In the postseason, Decker caught the game-winning touchdown from Mariota in the Wild Card Round against the Kansas City Chiefs to win on the road 22–21. In the Divisional Round against the New England Patriots, he finished with six receptions for 85 yards in the 35–14 road loss.

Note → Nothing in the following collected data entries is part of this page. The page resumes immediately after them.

(* The singular braid monoid $SB_n$ has a presentation with generators $a_{ts},a_{ts}^{-1}$ for $1\le s<t\le n$ and $b_{qp}$ for $1\le p<q\le n$, and relations $$\begin{aligned} &a_{ts}a_{rq}=a_{rq}a_{ts}\ \text{ for } (t-r)(t-q)(s-r)(s-q)>0,\\ &a_{ts}a_{sr}=a_{tr}a_{ts}=a_{sr}a_{tr}\ \text{ for } 1\le r<s<t\le n,\\ &a_{ts}a_{ts}^{-1}=a_{ts}^{-1}a_{ts}=1\ \text{ for } 1\le s<t\le n,\\ &a_{ts}b_{rq}=b_{rq}a_{ts}\ \text{ for } (t-r)(t-q)(s-r)(s-q)>0,\\ &a_{ts}b_{ts}=b_{ts}a_{ts}\ \text{ for } 1\le s<t\le n,\\ &a_{ts}b_{sr}=b_{tr}a_{ts},\quad a_{sr}b_{tr}=b_{ts}a_{sr},\quad a_{tr}b_{ts}=b_{sr}a_{tr}\ \text{ for } 1\le r<s<t\le n,\\ &b_{ts}b_{rq}=b_{rq}b_{ts}\ \text{ for } (t-r)(t-q)(s-r)(s-q)>0, \end{aligned}$$ where the generators correspond to the following elements of $SB_n$: $a_{ts}=(\sigma_{t-1}\cdots\sigma_{s+1})\sigma_s(\sigma_{s+1}^{-1}\cdots\sigma_{t-1}^{-1})$, $a_{ts}^{-1}=(\sigma_{t-1}\cdots\sigma_{s+1})\sigma_s^{-1}(\sigma_{s+1}^{-1}\cdots\sigma_{t-1}^{-1})$, $b_{qp}=(\sigma_{q-1}\cdots\sigma_{p+1})x_p(\sigma_{p+1}^{-1}\cdots\sigma_{q-1}^{-1})$. That is, the assignment of these elements to the generators induces an isomorphism from the monoid so presented onto $SB_n$.
   Context: Fix $n\ge 2$. $SB_n$ is the monoid with generators $\sigma_i,\sigma_i^{-1},x_i$ ($i=1,\dots,n-1$) and relations: $\sigma_i\sigma_j=\sigma_j\sigma_i$ and $x_ix_j=x_jx_i$ if $|i-j|>1$; $x_i\sigma_j=\sigma_jx_i$ if $|i-j|\ne1$; $\sigma_i\sigma_{i+1}\sigma_i=\sigma_{i+1}\sigma_i\sigma_{i+1}$; $\sigma_i\sigma_{i+1}x_i=x_{i+1}\sigma_i\sigma_{i+1}$; $\sigma_{i+1}\sigma_ix_{i+1}=x_i\sigma_{i+1}\sigma_i$; $\sigma_i\sigma_i^{-1}=\sigma_i^{-1}\sigma_i=1$. *)

From mathcomp Require Import all_boot all_order all_algebra.
Set Implicit Arguments. Unset Strict Implicit. Unset Printing Implicit Defensive.
Import GRing.Theory Num.Theory.

(* Monoid presentations: the free monoid on a letter type L is [seq L]
   (concatenation, unit [::]); the monoid presented by relations R is the
   quotient of the free monoid by the congruence generated by R. *)
Inductive cong (L : Type) (R : seq L -> seq L -> Prop) : seq L -> seq L -> Prop :=
| cong_step (u v l r : seq L) : R l r -> cong R (u ++ l ++ v) (u ++ r ++ v)
| cong_refl (w : seq L) : cong R w w
| cong_sym (w1 w2 : seq L) : cong R w1 w2 -> cong R w2 w1
| cong_trans (w1 w2 w3 : seq L) : cong R w1 w2 -> cong R w2 w3 -> cong R w1 w3.

(* Sg i = sigma_i, Sgi i = sigma_i^{-1}, X i = x_i, for 1 <= i <= n-1. *)
Inductive sbletter := Sg of nat | Sgi of nat | X of nat.

Definition sb_idx (n i : nat) : bool := (1 <= i) && (i <= n.-1).

Definition sb_valid_letter (n : nat) (c : sbletter) : bool :=
  match c with Sg i | Sgi i | X i => sb_idx n i end.

Definition sb_valid (n : nat) (w : seq sbletter) : bool := all (sb_valid_letter n) w.

Inductive sb_rel (n : nat) : seq sbletter -> seq sbletter -> Prop :=
| sbr_ss i j : sb_idx n i -> sb_idx n j -> (i.+1 < j) || (j.+1 < i) ->
    sb_rel n [:: Sg i; Sg j] [:: Sg j; Sg i]
| sbr_xx i j : sb_idx n i -> sb_idx n j -> (i.+1 < j) || (j.+1 < i) ->
    sb_rel n [:: X i; X j] [:: X j; X i]
| sbr_xs i j : sb_idx n i -> sb_idx n j -> (i.+1 != j) && (j.+1 != i) ->
    sb_rel n [:: X i; Sg j] [:: Sg j; X i]
| sbr_braid i : sb_idx n i -> sb_idx n i.+1 ->
    sb_rel n [:: Sg i; Sg i.+1; Sg i] [:: Sg i.+1; Sg i; Sg i.+1]
| sbr_sx1 i : sb_idx n i -> sb_idx n i.+1 ->
    sb_rel n [:: Sg i; Sg i.+1; X i] [:: X i.+1; Sg i; Sg i.+1]
| sbr_sx2 i : sb_idx n i -> sb_idx n i.+1 ->
    sb_rel n [:: Sg i.+1; Sg i; X i.+1] [:: X i; Sg i.+1; Sg i]
| sbr_inv1 i : sb_idx n i -> sb_rel n [:: Sg i; Sgi i] [::]
| sbr_inv2 i : sb_idx n i -> sb_rel n [:: Sgi i; Sg i] [::].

===New England Patriots===
On August 2, 2018, Decker signed a one-year deal with the New England Patriots. With the move, Decker reunited with Josh McDaniels, the Patriots offensive coordinator and former head coach of the Denver Broncos.

===Retirement===
On August 26, 2018, Decker announced his retirement from the NFL.

==Career statistics==

===NFL===
==== Regular season ====

Year: Team; Games; Receiving; Rushing; Returning; Fumbles
GP: GS; Rec; Yds; Avg; Lng; TD; Att; Yds; Avg; Lng; TD; Ret; Yds; Avg; Lng; TD; Fum; Lost
2010: DEN; 14; 0; 6; 106; 17.7; 38; 1; —; —; —; —; —; 22; 556; 25.3; 51; 0; 1; 1
2011: DEN; 16; 13; 44; 612; 13.9; 56T; 8; 1; 1; 1.0; 1; 0; 8; 183; 22.9; 90T; 1; 1; 1
2012: DEN; 16; 15; 85; 1,064; 12.5; 55; 13; —; —; —; —; —; 2; 22; 11.0; 13; 0; 0; 0
2013: DEN; 16; 16; 87; 1,288; 14.8; 61; 11; —; —; —; —; —; 1; 2; 2.0; 2; 0; 2; 1
2014: NYJ; 15; 15; 74; 962; 13.0; 74T; 5; —; —; —; —; —; —; —; —; —; —; 0; 0
2015: NYJ; 15; 13; 80; 1,027; 12.8; 35; 12; —; —; —; —; —; 1; 11; 11.0; 11; 0; 1; 1
2016: NYJ; 3; 3; 9; 194; 21.6; 35; 2; —; —; —; —; —; —; —; —; —; —; 0; 0
2017: TEN; 16; 8; 54; 563; 10.4; 29; 1; —; —; —; —; —; 1; 22; 22.0; 22; 0; 0; 0
Total: 111; 83; 439; 5,816; 13.2; 74T; 53; 1; 1; 1.0; 1; 0; 35; 796; 22.7; 90T; 1; 5; 4

==== Postseason ====

Year: Team; Games; Receiving; Rushing; Returning; Fumbles
GP: GS; Rec; Yds; Avg; Lng; TD; Att; Yds; Avg; Lng; TD; Ret; Yds; Avg; Lng; TD; Fum; Lost
2011: DEN; 1; 1; 0; 0; 0.0; 0; 0; 1; 9; 9.0; 9; 0; —; —; —; —; —; 0; 0
2012: DEN; 1; 1; 6; 84; 14.0; 32; 0; —; —; —; —; —; —; —; —; —; —; 0; 0
2013: DEN; 3; 3; 8; 111; 13.9; 21; 0; —; —; —; —; —; 4; 75; 18.8; 47; 0; 0; 0
2017: TEN; 2; 1; 8; 106; 13.3; 22T; 1; —; —; —; —; —; —; —; —; —; —; 0; 0
Total: 7; 6; 22; 301; 13.7; 32; 1; 1; 9; 9.0; 9; 0; 4; 75; 18.8; 47; 0; 0; 0

===College===

| Season | Team | GP | Receiving |  |  |  | Rushing |  |  |  |
| Rec | Yds | Avg | TD | Att | Yds | Avg | TD |
| 2006 | Minnesota | 13 | 26 | 238 | 14.5 | 3 | 1 | 5 | 5.0 | 0 |
| 2007 | Minnesota | 12 | 67 | 909 | 13.6 | 9 | 3 | 22 | 7.3 | 0 |
| 2008 | Minnesota | 12 | 84 | 1,074 | 12.8 | 7 | 11 | 87 | 7.9 | 1 |
| 2009 | Minnesota | 8 | 50 | 758 | 15.2 | 5 | 0 | 0 | 0.0 | 0 |
| Career |  | 45 | 227 | 3,119 | 13.7 | 24 | 13 | 114 | 7.6 | 1 |

==Career highlights==
===Awards and honors===
NFL
- AFC receiving touchdowns leader (2012)
- AFC champion (2013)
- AFC Offensive Player of the Week (Week 13, 2013)

College
- 2× First-team All-Big Ten (2008, 2009)

===Broncos franchise records===
- Most receiving touchdowns in a single game: 4 (December 1, 2013, at Kansas City)
- Most kick return yards in a single game: 211 (December 12, 2010, at Arizona)

==Personal life==
On June 22, 2013, Decker married country singer Jessie James. They have four children: a daughter born in March 2014, a son born in September 2015, a second son born in March 2018 and a third son born in February 2024.

== Television ==
Decker and his wife starred in the E! reality show Eric & Jessie: Game On which ran from September 29, 2013, until 2017.